Implement sliding windows with different window sizes and strides; plot the effects on smoothing and latency.
Add a bounded buffer (e.g., deque(maxlen=N)) and measure drop rate under different input rates.
Implement a simple anomaly detector (e.g., Z-score) and test it on injected “spikes”.
Record observations: for which window/stride/buffer settings do you meet a given latency budget with acceptable detection quality?
Here you connect a real Arduino sensor stream to a local edge process (on your laptop or Raspberry Pi), but keep everything within your own network.
Suggested steps:
Flash the simple light-sensor sketch from Chapter 12 (or reuse a LAB08 sensor sketch that prints one value per line over Serial).

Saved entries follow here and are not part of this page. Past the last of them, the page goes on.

(* Fix a $C^0$-concept over a topologized field $\mathbb{K}$. Let $E_1,E_2,F\in\mathcal{M}$, $U\subseteq E_1\times E_2$ open, and $f\colon U\to F$ a $C^0$-map. Let $U_1:=\{(x_1,x_2,v_1,t)\in U\times E_1\times\mathbb{K}:(x_1+tv_1,x_2)\in U\}$ and $U_2:=\{(x_1,x_2,v_2,t)\in U\times E_2\times\mathbb{K}:(x_1,x_2+tv_2)\in U\}$. Suppose there are $C^0$-maps $\frac{\Delta_1f}{\Delta_1}\colon U_1\to F$ and $\frac{\Delta_2f}{\Delta_2}\colon U_2\to F$ such that $\frac{\Delta_1f}{\Delta_1}(x_1,x_2,v_1,t)=\frac{f(x_1+tv_1,x_2)-f(x_1,x_2)}{t}$ for all $(x_1,x_2,v_1,t)\in U_1$ with $t\ne0$, and $\frac{\Delta_2f}{\Delta_2}(x_1,x_2,v_2,t)=\frac{f(x_1,x_2+tv_2)-f(x_1,x_2)}{t}$ for all $(x_1,x_2,v_2,t)\in U_2$ with $t\ne0$. Then $f$ is of class $C^1$ and $$f^{[1]}((x_1,x_2),(v_1,v_2),t)=\frac{\Delta_1f}{\Delta_1}(x_1,x_2,v_1,t)+\frac{\Delta_2f}{\Delta_2}(x_1+tv_1,x_2,v_2,t)$$ for all $(x_1,x_2,v_1,v_2,t)$ in $P:=\{((x_1,x_2),(v_1,v_2),t)\in U^{[1]}:(x_1+tv_1,x_2)\in U\}$.
   Context: Let $\mathbb{K}$ be a commutative ring with unit (here a field) carrying a topology. A $C^0$-concept over $\mathbb{K}$ consists of: (a) a class $\mathcal{M}$ of topologized $\mathbb{K}$-modules with $\mathbb{K}\in\mathcal{M}$; (b) for $E,F\in\mathcal{M}$ and open $U\subseteq E$, a set $C^0(U,F)$ of continuous maps; (c) for $E_1,E_2\in\mathcal{M}$ a topology on $E_1\times E_2$ (not necessarily the product topology) making it a member of $\mathcal{M}$; subject to: (I.1) composites of $C^0$-maps are $C^0$, identities and inclusions of open subsets are $C^0$; (I.2) $x\mapsto rx+b$ is $C^0$; (I.3) $t\mapsto tv+x$ is $C^0$; (I.4) $\mathbb{K}^\times$ is open and inversion is $C^0$; (I.5) $C^0$ is local on open covers; (II.1) projections and $v\mapsto(v,y)$, $w\mapsto(x,w)$ are $C^0$; (II.2) $f_1\times f_2$ is $C^0$ for $C^0$-maps $f_i$; (II.3) diagonals are $C^0$; (II.4) exchange/associativity maps of products are $C^0$ both ways; (II.5) addition and scalar multiplication are $C^0$; (III) a $C^0$-map on open $U\subseteq\mathbb{K}$ is determined by its values on $U\cap\mathbb{K}^\times$. For open $U\subseteq E$, $U^{[1]}=\{(x,v,t)\in U\times E\times\mathbb{K}:x+tv\in U\}$; a $C^0$-map $f$ is $C^1$ if there is a $C^0$-map $f^{[1]}\colon U^{[1]}\to F$ with $f(x+tv)-f(x)=t\,f^{[1]}(x,v,t)$ on $U^{[1]}$. Here $E=E_1\times E_2$ and points of $U^{[1]}$ are written $((x_1,x_2),(v_1,v_2),t)$. *)

From mathcomp Require Import all_boot all_algebra.
Set Implicit Arguments. Unset Strict Implicit. Unset Printing Implicit Defensive.
Import GRing.Theory.
Local Open Scope ring_scope.

Definition set (T : Type) := T -> Prop.
Definition setT {T : Type} : set T := fun _ => True.

Definition is_topology (T : Type) (O : set (set T)) : Prop :=
  [/\ O setT, O (fun _ => False),
      (forall (I : Type) (A : I -> set T), (forall i, O (A i)) ->
          O (fun x => exists i, A i x))
    & (forall A B, O A -> O B -> O (fun x => A x /\ B x))].

(* f (defined on the open set U of E) is continuous into F: preimages of
   open sets of F under f|U are open (in E, equivalently in U). *)
Definition cont_on (S T : Type) (OS : set (set S)) (OT : set (set T))
    (U : set S) (f : S -> T) : Prop :=
  forall V, OT V -> OS (fun x => U x /\ V (f x)).

Record tmod (K : fieldType) := TMod { tcar :> lmodType K ; topen : set (set tcar) }.
Arguments topen {K} t _.

Definition Ktm (K : fieldType) (OK : set (set K)) : tmod K := @TMod K K^o OK.

(* The type of the "product topology" datum (c): for E1, E2 a topology on E1 x E2
   (not necessarily the product topology). *)
Definition prodtop_t (K : fieldType) :=
  forall E1 E2 : tmod K, set (set (tcar E1 * tcar E2)%type).

Definition tprod (K : fieldType) (pt : prodtop_t K) (E1 E2 : tmod K) : tmod K :=
  @TMod K (tcar E1 * tcar E2)%type (pt E1 E2).

(* Datum (b): C0 E F U f means "f, restricted to the open set U of E, belongs to
   C^0(U,F)".  Maps U -> F are represented by total functions E -> F, only their
   values on U matter (axiom c0_ext). *)
Definition C0_t (K : fieldType) :=
  forall E F : tmod K, set (tcar E) -> (tcar E -> tcar F) -> Prop.

Record is_C0_concept (K : fieldType) (OK : set (set K)) (inM : tmod K -> Prop)
    (pt : prodtop_t K) (C0 : C0_t K) : Prop := {
  c0_topK : is_topology OK;
  c0_inMK : inM (Ktm OK);
  c0_inMprod : forall E1 E2, inM E1 -> inM E2 -> inM (tprod pt E1 E2);
  c0_top : forall E, inM E -> is_topology (topen E);
  c0_dom : forall E F U f, C0 E F U f ->
     [/\ inM E, inM F, topen E U & cont_on (topen E) (topen F) U f];
  c0_ext : forall E F U f g, C0 E F U f -> (forall x, U x -> f x = g x) ->
     C0 E F U g;
  c0_comp : forall E F G U V (f : tcar E -> tcar F) (g : tcar F -> tcar G),
     C0 E F U f -> C0 F G V g -> (forall x, U x -> V (f x)) ->
     C0 E G U (fun x => g (f x));
  c0_id : forall E U, inM E -> topen E U -> C0 E E U (fun x => x);
  c0_affine : forall E (r : K) (b : tcar E), inM E ->
     C0 E E setT (fun x => r *: x + b);
  c0_line : forall E (x v : tcar E), inM E ->
     C0 (Ktm OK) E setT (fun t : K => t *: v + x);
  c0_units_open : OK (fun t : K => t != 0);
  c0_inv : C0 (Ktm OK) (Ktm OK) (fun t : K => t != 0) (fun t : K => t^-1);
  c0_local : forall E F (U : set (tcar E)) (f : tcar E -> tcar F)
       (I : Type) (Ui : I -> set (tcar E)),
     inM E -> inM F -> (forall i, topen E (Ui i)) ->
     (forall x, U x <-> exists i, Ui i x) ->
     (forall i, C0 E F (Ui i) f) -> C0 E F U f;
  c0_fst : forall E1 E2, inM E1 -> inM E2 ->
     C0 (tprod pt E1 E2) E1 setT (fun p => p.1);
  c0_snd : forall E1 E2, inM E1 -> inM E2 ->
     C0 (tprod pt E1 E2) E2 setT (fun p => p.2);
  c0_inl : forall E1 E2 (y : tcar E2), inM E1 -> inM E2 ->
     C0 E1 (tprod pt E1 E2) setT (fun v => (v, y));
  c0_inr : forall E1 E2 (x : tcar E1), inM E1 -> inM E2 ->
     C0 E2 (tprod pt E1 E2) setT (fun w => (x, w));
  c0_prodmap : forall E1 E2 F1 F2 U1 U2
       (f1 : tcar E1 -> tcar F1) (f2 : tcar E2 -> tcar F2),
     C0 E1 F1 U1 f1 -> C0 E2 F2 U2 f2 ->
     C0 (tprod pt E1 E2) (tprod pt F1 F2) (fun p => U1 p.1 /\ U2 p.2)
        (fun p => (f1 p.1, f2 p.2));
  c0_diag : forall E, inM E -> C0 E (tprod pt E E) setT (fun x => (x, x));
  c0_swap : forall E1 E2, inM E1 -> inM E2 ->
     C0 (tprod pt E1 E2) (tprod pt E2 E1) setT (fun p => (p.2, p.1));
  c0_assoc : forall E1 E2 E3, inM E1 -> inM E2 -> inM E3 ->
     C0 (tprod pt (tprod pt E1 E2) E3) (tprod pt E1 (tprod pt E2 E3)) setT
        (fun p => (p.1.1, (p.1.2, p.2)));
  c0_assocV : forall E1 E2 E3, inM E1 -> inM E2 -> inM E3 ->
     C0 (tprod pt E1 (tprod pt E2 E3)) (tprod pt (tprod pt E1 E2) E3) setT
        (fun p => ((p.1, p.2.1), p.2.2));
  c0_add : forall E, inM E -> C0 (tprod pt E E) E setT (fun p => p.1 + p.2);
  c0_scale : forall E, inM E ->
     C0 (tprod pt (Ktm OK) E) E setT (fun p => p.1 *: p.2);
  c0_det : forall F (U : set K) (f g : K -> tcar F),
     C0 (Ktm OK) F U f -> C0 (Ktm OK) F U g ->
     (forall t, U t -> t != 0 -> f t = g t) -> forall t, U t -> f t = g t
}.

Definition U1 (K : fieldType) (E : lmodType K) (U : set E) : set ((E * E) * K)%type :=
  fun p => U p.1.1 /\ U (p.1.1 + p.2 *: p.1.2).

Definition is_f1 (K : fieldType) (OK : set (set K)) (pt : prodtop_t K)
    (C0 : C0_t K) (E F : tmod K) (U : set (tcar E))
    (f : tcar E -> tcar F) (f1 : ((tcar E * tcar E) * K)%type -> tcar F) : Prop :=
  C0 (tprod pt (tprod pt E E) (Ktm OK)) F (U1 U) f1 /\
  forall (x v : tcar E) (t : K), U1 U ((x, v), t) ->
    f (x + t *: v) - f x = t *: f1 ((x, v), t).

On your laptop or Raspberry Pi, run the Python or Node.js serial reader from the notebook/code:
Parse serial lines, validate ranges, and push samples into a bounded buffer.
Apply the same windowed statistics and anomaly detection you prototyped in Level 1.
Build a local dashboard:
Either use matplotlib + FuncAnimation (Python) or a small web dashboard (e.g., Plotly/Dash) served from the Pi.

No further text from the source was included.